Activity: From the data below, set down exactly the lines between the one holding "lia. apply Rmax_r." and the one holding "pose proof (fm_le_fn 73", inclusive, and no others.

(Stored items)
--- START ---

(* For all $r\in[0,35]$ and all integers $n\ge73$, $|f(r)-f^{(n)}(r)|\le0.0052$, where $f^{(n)}(r)=\max_{4\le m\le n}f_m(r)$ and $f(r)=\sup_{m\ge4}f_m(r)$.
   Context: For $r\ge0$, $\mu_\pm=(1\pm\sqrt{1+4r})/2$, $\mu=\mu_-/\mu_+$, $\alpha_k(r)=\frac1{\mu_+}\frac{1-\mu^k}{1-\mu^{k+1}}$ for $k\ge1$, and for $m\ge4$ $$f_m(r)=r\alpha_{m-2}(r)\alpha_m(r)\Big[\frac{(1-\alpha_{m-1}(r)(1+r))^2}{1+2r}+\frac{r\alpha_{m-3}(r)(1-\alpha_{m-1}(r))^2}{1+r}\Big].$$ *)

From Stdlib Require Import Reals Lra.
From Coquelicot Require Import Coquelicot.
Open Scope R_scope.

Definition mu_plus (r : R) : R := (1 + sqrt (1 + 4 * r)) / 2.
Definition mu_minus (r : R) : R := (1 - sqrt (1 + 4 * r)) / 2.
Definition mu (r : R) : R := mu_minus r / mu_plus r.

Definition alpha (k : nat) (r : R) : R :=
  (1 / mu_plus r) * ((1 - mu r ^ k) / (1 - mu r ^ (k + 1))).

(* f_m(r), meaningful for m >= 4 *)
Definition fm (m : nat) (r : R) : R :=
  r * alpha (m - 2) r * alpha m r *
  ((1 - alpha (m - 1) r * (1 + r)) ^ 2 / (1 + 2 * r)
   + r * alpha (m - 3) r * (1 - alpha (m - 1) r) ^ 2 / (1 + r)).

Fixpoint fmax_aux (k : nat) (r : R) : R :=
  match k with
  | O => fm 4 r
  | S k' => Rmax (fmax_aux k' r) (fm (5 + k') r)
  end.

(* f^(n)(r) = max_{4 <= m <= n} f_m(r), for n >= 4 *)
Definition fn (n : nat) (r : R) : R := fmax_aux (n - 4) r.

Definition f_sup (r : R) : Rbar := Sup_seq (fun k => fm (k + 4) r).

From Stdlib Require Import Reals Lra Lia.
From Coquelicot Require Import Coquelicot.
Open Scope R_scope.

(* Since mu_- = 1 - mu_+, the ratio mu = mu_-/mu_+ equals 1/mu_+ - 1; hence |mu| <= 11/13 for
   r <= 35 and |mu|^k <= 10^-5 once k >= 70.  Every alpha_k with k >= 70 is then 1/mu_+ up to a
   relative error 4*10^-5, and an elementary perturbation estimate puts every f_m with m >= 73
   within 1/500 of the value obtained by replacing all the alphas by 1/mu_+.  So each f_m with m > n
   exceeds f_73 <= f^(n) by at most 2/500 < 0.0052, while f^(n) <= f trivially. *)

Definition alpha_lim (r : R) : R := 1 / mu_plus r.

Definition fm_shape (r A B C D : R) : R :=
  r * A * B * ((1 - C * (1 + r)) ^ 2 / (1 + 2 * r) + r * D * (1 - C) ^ 2 / (1 + r)).

Definition fm_lim (r : R) : R :=
  fm_shape r (alpha_lim r) (alpha_lim r) (alpha_lim r) (alpha_lim r).

Lemma fm_shapeE m r :
  fm m r = fm_shape r (alpha (m - 2) r) (alpha m r) (alpha (m - 1) r) (alpha (m - 3) r).
Proof. reflexivity. Qed.

Section MuPlus.

Variable r : R.
Hypothesis r_ge0 : 0 <= r.

Let s := sqrt (1 + 4 * r).

Let s_sq : s * s = 1 + 4 * r.
Proof. apply sqrt_sqrt. lra. Qed.

Let s_ge1 : 1 <= s.
Proof. pose proof (sqrt_pos (1 + 4 * r)) as Hs. fold s in Hs. nra. Qed.

Lemma mu_plus_ge1 : 1 <= mu_plus r.
Proof. unfold mu_plus. fold s. lra. Qed.

Lemma mu_plus_sq : mu_plus r ^ 2 = mu_plus r + r.
Proof. unfold mu_plus. fold s. nra. Qed.

Lemma mu_plus_le : r <= 35 -> mu_plus r <= 13 / 2.
Proof. intros Hr35. unfold mu_plus. fold s. nra. Qed.

Lemma mu_alpha_lim : mu r = alpha_lim r - 1.
Proof.
  pose proof mu_plus_ge1.
  unfold mu, alpha_lim.
  replace (mu_minus r) with (1 - mu_plus r) by (unfold mu_minus, mu_plus; field).
  field. lra.
Qed.

Lemma alpha_lim_bounds : 0 < alpha_lim r <= 1.
Proof.
  pose proof mu_plus_ge1. unfold alpha_lim.
  split; [apply Rdiv_lt_0_compat; lra|].
  apply Rmult_le_reg_r with (mu_plus r); [lra|]. field_simplify; lra.
Qed.

Lemma r_alpha_lim_sq_le1 : r * alpha_lim r * alpha_lim r <= 1.
Proof.
  pose proof mu_plus_ge1. pose proof mu_plus_sq. unfold alpha_lim.
  apply Rmult_le_reg_r with (mu_plus r ^ 2); [nra|]. field_simplify; [nra | lra].
Qed.

Lemma alpha_lim_mul_sq_le : (alpha_lim r * (1 + r)) ^ 2 <= 4 * (1 + 2 * r).
Proof.
  pose proof mu_plus_ge1. pose proof mu_plus_sq. unfold alpha_lim.
  apply Rmult_le_reg_r with (mu_plus r ^ 2); [nra|]. field_simplify; [nra | lra].
Qed.

Lemma Rabs_mu_le : r <= 35 -> Rabs (mu r) <= 11 / 13.
Proof.
  intros Hr35. pose proof mu_plus_ge1. pose proof (mu_plus_le Hr35). pose proof alpha_lim_bounds.
  assert (Hlow : 2 / 13 <= alpha_lim r).
  { unfold alpha_lim. apply Rmult_le_reg_r with (mu_plus r); [lra|]. field_simplify; lra. }
  rewrite mu_alpha_lim. apply Rabs_le_between. lra.
Qed.

End MuPlus.

Lemma pow_decay x k : Rabs x <= 11 / 13 -> (70 <= k)%nat -> Rabs (x ^ k) <= 1 / 100000.
Proof.
  intros Hx Hk.
  rewrite <- RPow_abs, <- (Nat.sub_add 70 k Hk), pow_add.
  assert (Htail : 0 <= Rabs x ^ (k - 70) <= 1).
  { split; [apply pow_le, Rabs_pos|].
    rewrite <- (pow1 (k - 70)). apply pow_incr. split; [apply Rabs_pos | lra]. }
  assert (Hhead : 0 <= Rabs x ^ 70 <= (11 / 13) ^ 70).
  { split; [apply pow_le, Rabs_pos | apply pow_incr; split; [apply Rabs_pos | exact Hx]]. }
  assert ((11 / 13) ^ 70 <= 1 / 100000) by (simpl; lra).
  nra.
Qed.

Lemma geometric_ratio_near_one x k e :
  Rabs x <= 1 -> Rabs (x ^ k) <= e -> e <= 1 / 2 ->
  Rabs ((1 - x ^ k) / (1 - x ^ (k + 1)) - 1) <= 4 * e.
Proof.
  intros Hx Hk He.
  rewrite pow_add, pow_1.
  set (t := x ^ k) in *.
  apply Rabs_le_between in Hx; apply Rabs_le_between in Hk.
  assert (Htx : - e <= t * x <= e) by nra.
  replace ((1 - t) / (1 - t * x) - 1) with (t * (x - 1) / (1 - t * x)) by (field; lra).
  apply Rabs_le_between.
  split; apply Rmult_le_reg_r with (1 - t * x); try lra; field_simplify; nra.
Qed.

Lemma alpha_near_lim k r : 0 <= r <= 35 -> (70 <= k)%nat ->
  exists u, Rabs u <= 1 / 25000 /\ alpha k r = alpha_lim r * (1 + u).
Proof.
  intros Hr Hk.
  exists ((1 - mu r ^ k) / (1 - mu r ^ (k + 1)) - 1). split.
  - pose proof (Rabs_mu_le r (proj1 Hr) (proj2 Hr)).
    apply Rle_trans with (4 * (1 / 100000)); [|lra].
    apply geometric_ratio_near_one; [lra | apply pow_decay; assumption | lra].
  - unfold alpha, alpha_lim. ring.
Qed.

Lemma first_term_perturb q y u d :
  1 <= y -> 0 <= q -> q ^ 2 <= 4 * y -> 0 <= d <= 1 -> Rabs u <= d ->
  Rabs ((1 - q * (1 + u)) ^ 2 / y - (1 - q) ^ 2 / y) <= 16 * d.
Proof.
  intros Hy Hq Hqy Hd Hu. apply Rabs_le_between in Hu.
  assert (Hq2y : q <= 2 * y) by nra.
  assert (Hqu : - (q * d) <= q * u <= q * d) by nra.
  assert (Hfac : - (2 + 3 * q) <= q * u - 2 * (1 - q) <= 2 + 3 * q) by nra.
  assert (Hnum : - (16 * d * y) <= q * u * (q * u - 2 * (1 - q)) <= 16 * d * y) by nra.
  replace ((1 - q * (1 + u)) ^ 2 / y - (1 - q) ^ 2 / y)
    with (q * u * (q * u - 2 * (1 - q)) / y) by (field; lra).
  apply Rabs_le_between.
  split; apply Rmult_le_reg_r with y; try lra; field_simplify; lra.
Qed.

Lemma first_term_bounds q y : 1 <= y -> 0 <= q -> q ^ 2 <= 4 * y -> 0 <= (1 - q) ^ 2 / y <= 5.
Proof.
  intros Hy Hq Hqy. split.
  - apply Rdiv_le_0_compat; [apply pow2_ge_0 | lra].
  - apply Rmult_le_reg_r with y; [lra|]. field_simplify; [nra | lra].
Qed.

Lemma second_term_perturb a b c u v d :
  0 <= a <= 1 -> 0 <= b <= 1 -> 0 <= c <= 1 -> 0 <= d <= 1 -> Rabs u <= d -> Rabs v <= d ->
  Rabs (c * (1 + v) * (b - a * u) ^ 2 - c * b ^ 2) <= 7 * d.
Proof.
  intros Ha Hb Hc Hd Hu Hv. apply Rabs_le_between in Hu; apply Rabs_le_between in Hv.
  assert (Hau : - d <= a * u <= d).
  { assert (0 <= a * (d - u)) by (apply Rmult_le_pos; lra).
    assert (0 <= a * (d + u)) by (apply Rmult_le_pos; lra).
    assert (0 <= d * (1 - a)) by (apply Rmult_le_pos; lra).
    lra. }
  assert (Hsq : 0 <= (b - a * u) ^ 2 <= 4).
  { assert (Hz : -2 <= b - a * u <= 2) by lra.
    split; [apply pow2_ge_0 | nra]. }
  assert (Hdsq : - (3 * d) <= (b - a * u) ^ 2 - b ^ 2 <= 3 * d) by nra.
  assert (Hvsq : - (4 * d) <= v * (b - a * u) ^ 2 <= 4 * d) by nra.
  replace (c * (1 + v) * (b - a * u) ^ 2 - c * b ^ 2)
    with (c * (v * (b - a * u) ^ 2 + ((b - a * u) ^ 2 - b ^ 2))) by ring.
  apply Rabs_le_between. split; nra.
Qed.

Lemma fm_shape_perturb r a d u1 u2 u3 u4 :
  0 <= r -> 0 < a <= 1 -> r * a * a <= 1 -> (a * (1 + r)) ^ 2 <= 4 * (1 + 2 * r) ->
  0 <= d <= 1 / 100 ->
  Rabs u1 <= d -> Rabs u2 <= d -> Rabs u3 <= d -> Rabs u4 <= d ->
  Rabs (fm_shape r (a * (1 + u1)) (a * (1 + u2)) (a * (1 + u3)) (a * (1 + u4))
        - fm_shape r a a a a) <= 44 * d.
Proof.
  intros Hr Ha HK Hq Hd H1 H2 H3 H4.
  set (K := r * a * a). set (q := a * (1 + r)). set (y := 1 + 2 * r).
  set (c := r * a / (1 + r)). set (b := 1 - a).
  assert (Hc : 0 <= c <= 1).
  { unfold c. split; [apply Rdiv_le_0_compat; nra|].
    apply Rmult_le_reg_r with (1 + r); [lra|]. field_simplify; nra. }
  set (T1 := (1 - q) ^ 2 / y). set (T2 := c * b ^ 2).
  set (E1 := (1 - q * (1 + u3)) ^ 2 / y - T1).
  set (E2 := c * (1 + u4) * (b - a * u3) ^ 2 - T2).
  set (w := (1 + u1) * (1 + u2) - 1).
  assert (Hexpand : fm_shape r (a * (1 + u1)) (a * (1 + u2)) (a * (1 + u3)) (a * (1 + u4))
                    - fm_shape r a a a a = K * (w * (T1 + T2 + E1 + E2) + (E1 + E2))).
  { unfold fm_shape, K, w, E1, E2, T1, T2, q, y, c, b. field. lra. }
  rewrite Hexpand.
  assert (HE1 : Rabs E1 <= 16 * d)
    by (apply first_term_perturb; unfold y, q in *; try nra; lra).
  assert (HE2 : Rabs E2 <= 7 * d)
    by (apply second_term_perturb; unfold b; lra).
  assert (HT1 : 0 <= T1 <= 5) by (apply first_term_bounds; unfold y, q in *; nra).
  assert (HT2 : 0 <= T2 <= 1).
  { assert (Hb2 : 0 <= b ^ 2 <= 1) by (unfold b; split; [apply pow2_ge_0 | nra]).
    unfold T2. split; nra. }
  apply Rabs_le_between in H1, H2, HE1, HE2.
  assert (Hw : - (3 * d) <= w <= 3 * d) by (unfold w; nra).
  assert (HS : - 7 <= T1 + T2 + E1 + E2 <= 7) by lra.
  assert (HwS : - (21 * d) <= w * (T1 + T2 + E1 + E2) <= 21 * d) by nra.
  assert (HK01 : 0 <= K <= 1) by (unfold K; split; nra).
  apply Rabs_le_between. split; nra.
Qed.

Lemma fm_near_lim m r : 0 <= r <= 35 -> (73 <= m)%nat -> Rabs (fm m r - fm_lim r) <= 1 / 500.
Proof.
  intros Hr Hm. rewrite fm_shapeE. unfold fm_lim.
  destruct (alpha_near_lim (m - 2) r Hr ltac:(lia)) as [u1 [H1 ->]].
  destruct (alpha_near_lim m r Hr ltac:(lia)) as [u2 [H2 ->]].
  destruct (alpha_near_lim (m - 1) r Hr ltac:(lia)) as [u3 [H3 ->]].
  destruct (alpha_near_lim (m - 3) r Hr ltac:(lia)) as [u4 [H4 ->]].
  apply Rle_trans with (44 * (1 / 25000)); [|lra].
  apply fm_shape_perturb; try lra.
  - apply alpha_lim_bounds; lra.
  - apply r_alpha_lim_sq_le1; lra.
  - apply alpha_lim_mul_sq_le; lra.
Qed.

Lemma fm_le_fmax_aux r k j : (j <= k)%nat -> fm (4 + j) r <= fmax_aux k r.
Proof.
  induction k as [|k IHk]; intros Hj; simpl fmax_aux.
  - replace j with 0%nat by lia. apply Rle_refl.
  - destruct (Nat.eq_dec j (S k)) as [->|Hne].
    + replace (4 + S k)%nat with (5 + k)%nat by lia. apply Rmax_r.
    + apply Rle_trans with (fmax_aux k r); [apply IHk; lia | apply Rmax_l].
Qed.

Lemma fm_le_fn m n r : (4 <= m <= n)%nat -> fm m r <= fn n r.
Proof.
  intros Hmn. unfold fn. replace m with (4 + (m - 4))%nat at 1 by lia.
  apply fm_le_fmax_aux. lia.
Qed.

Lemma fmax_aux_le_f_sup r k : Rbar_le (fmax_aux k r) (f_sup r).
Proof.
  induction k as [|k IHk]; simpl fmax_aux.
  - apply Sup_seq_minor_le with 0%nat. apply Rle_refl.
  - apply (Rmax_case _ _ (fun z => Rbar_le z (f_sup r))); [exact IHk|].
    apply Sup_seq_minor_le with (S k). replace (S k + 4)%nat with (5 + k)%nat by lia.
    apply Rle_refl.
Qed.

Lemma Sup_seq_le_ub (u : nat -> R) (M : R) :
  (forall k, u k <= M) -> Rbar_le (Sup_seq (fun k => u k)) M.
Proof.
  intros Hub. apply Rbar_not_lt_le. intros Hlt.
  apply Sup_seq_minor_lt in Hlt as [k Hk]. specialize (Hub k). simpl in Hk. lra.
Qed.

Theorem propositionA1 : forall (r : R) (n : nat),
  0 <= r <= 35 -> (73 <= n)%nat ->
  Rbar_le (Finite (fn n r - 52 / 10000)) (f_sup r) /\
  Rbar_le (f_sup r) (Finite (fn n r + 52 / 10000)).
Proof.
  intros r n Hr Hn. split.
  - apply Rbar_le_trans with (Finite (fn n r)); [simpl; lra | apply fmax_aux_le_f_sup].
  - apply Sup_seq_le_ub. intros k.
    destruct (Compare_dec.le_lt_dec (k + 4) n) as [Hle | Hlt].
    + pose proof (fm_le_fn (k + 4) n r ltac:(lia)). lra.
    + pose proof (fm_near_lim (k + 4) r Hr ltac:(lia)) as Htail.
      pose proof (fm_near_lim 73 r Hr ltac:(lia)) as H73.
      pose proof (fm_le_fn 73 n r ltac:(lia)).
      apply Rabs_le_between in Htail, H73. lra.
Qed.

--- END ---

Reply:
    + replace (4 + S k)%nat with (5 + k)%nat by lia. apply Rmax_r.
    + apply Rle_trans with (fmax_aux k r); [apply IHk; lia | apply Rmax_l].
Qed.

Lemma fm_le_fn m n r : (4 <= m <= n)%nat -> fm m r <= fn n r.
Proof.
  intros Hmn. unfold fn. replace m with (4 + (m - 4))%nat at 1 by lia.
  apply fm_le_fmax_aux. lia.
Qed.

Lemma fmax_aux_le_f_sup r k : Rbar_le (fmax_aux k r) (f_sup r).
Proof.
  induction k as [|k IHk]; simpl fmax_aux.
  - apply Sup_seq_minor_le with 0%nat. apply Rle_refl.
  - apply (Rmax_case _ _ (fun z => Rbar_le z (f_sup r))); [exact IHk|].
    apply Sup_seq_minor_le with (S k). replace (S k + 4)%nat with (5 + k)%nat by lia.
    apply Rle_refl.
Qed.

Lemma Sup_seq_le_ub (u : nat -> R) (M : R) :
  (forall k, u k <= M) -> Rbar_le (Sup_seq (fun k => u k)) M.
Proof.
  intros Hub. apply Rbar_not_lt_le. intros Hlt.
  apply Sup_seq_minor_lt in Hlt as [k Hk]. specialize (Hub k). simpl in Hk. lra.
Qed.

Theorem propositionA1 : forall (r : R) (n : nat),
  0 <= r <= 35 -> (73 <= n)%nat ->
  Rbar_le (Finite (fn n r - 52 / 10000)) (f_sup r) /\
  Rbar_le (f_sup r) (Finite (fn n r + 52 / 10000)).
Proof.
  intros r n Hr Hn. split.
  - apply Rbar_le_trans with (Finite (fn n r)); [simpl; lra | apply fmax_aux_le_f_sup].
  - apply Sup_seq_le_ub. intros k.
    destruct (Compare_dec.le_lt_dec (k + 4) n) as [Hle | Hlt].
    + pose proof (fm_le_fn (k + 4) n r ltac:(lia)). lra.
    + pose proof (fm_near_lim (k + 4) r Hr ltac:(lia)) as Htail.
      pose proof (fm_near_lim 73 r Hr ltac:(lia)) as H73.
      pose proof (fm_le_fn 73 n r ltac:(lia)).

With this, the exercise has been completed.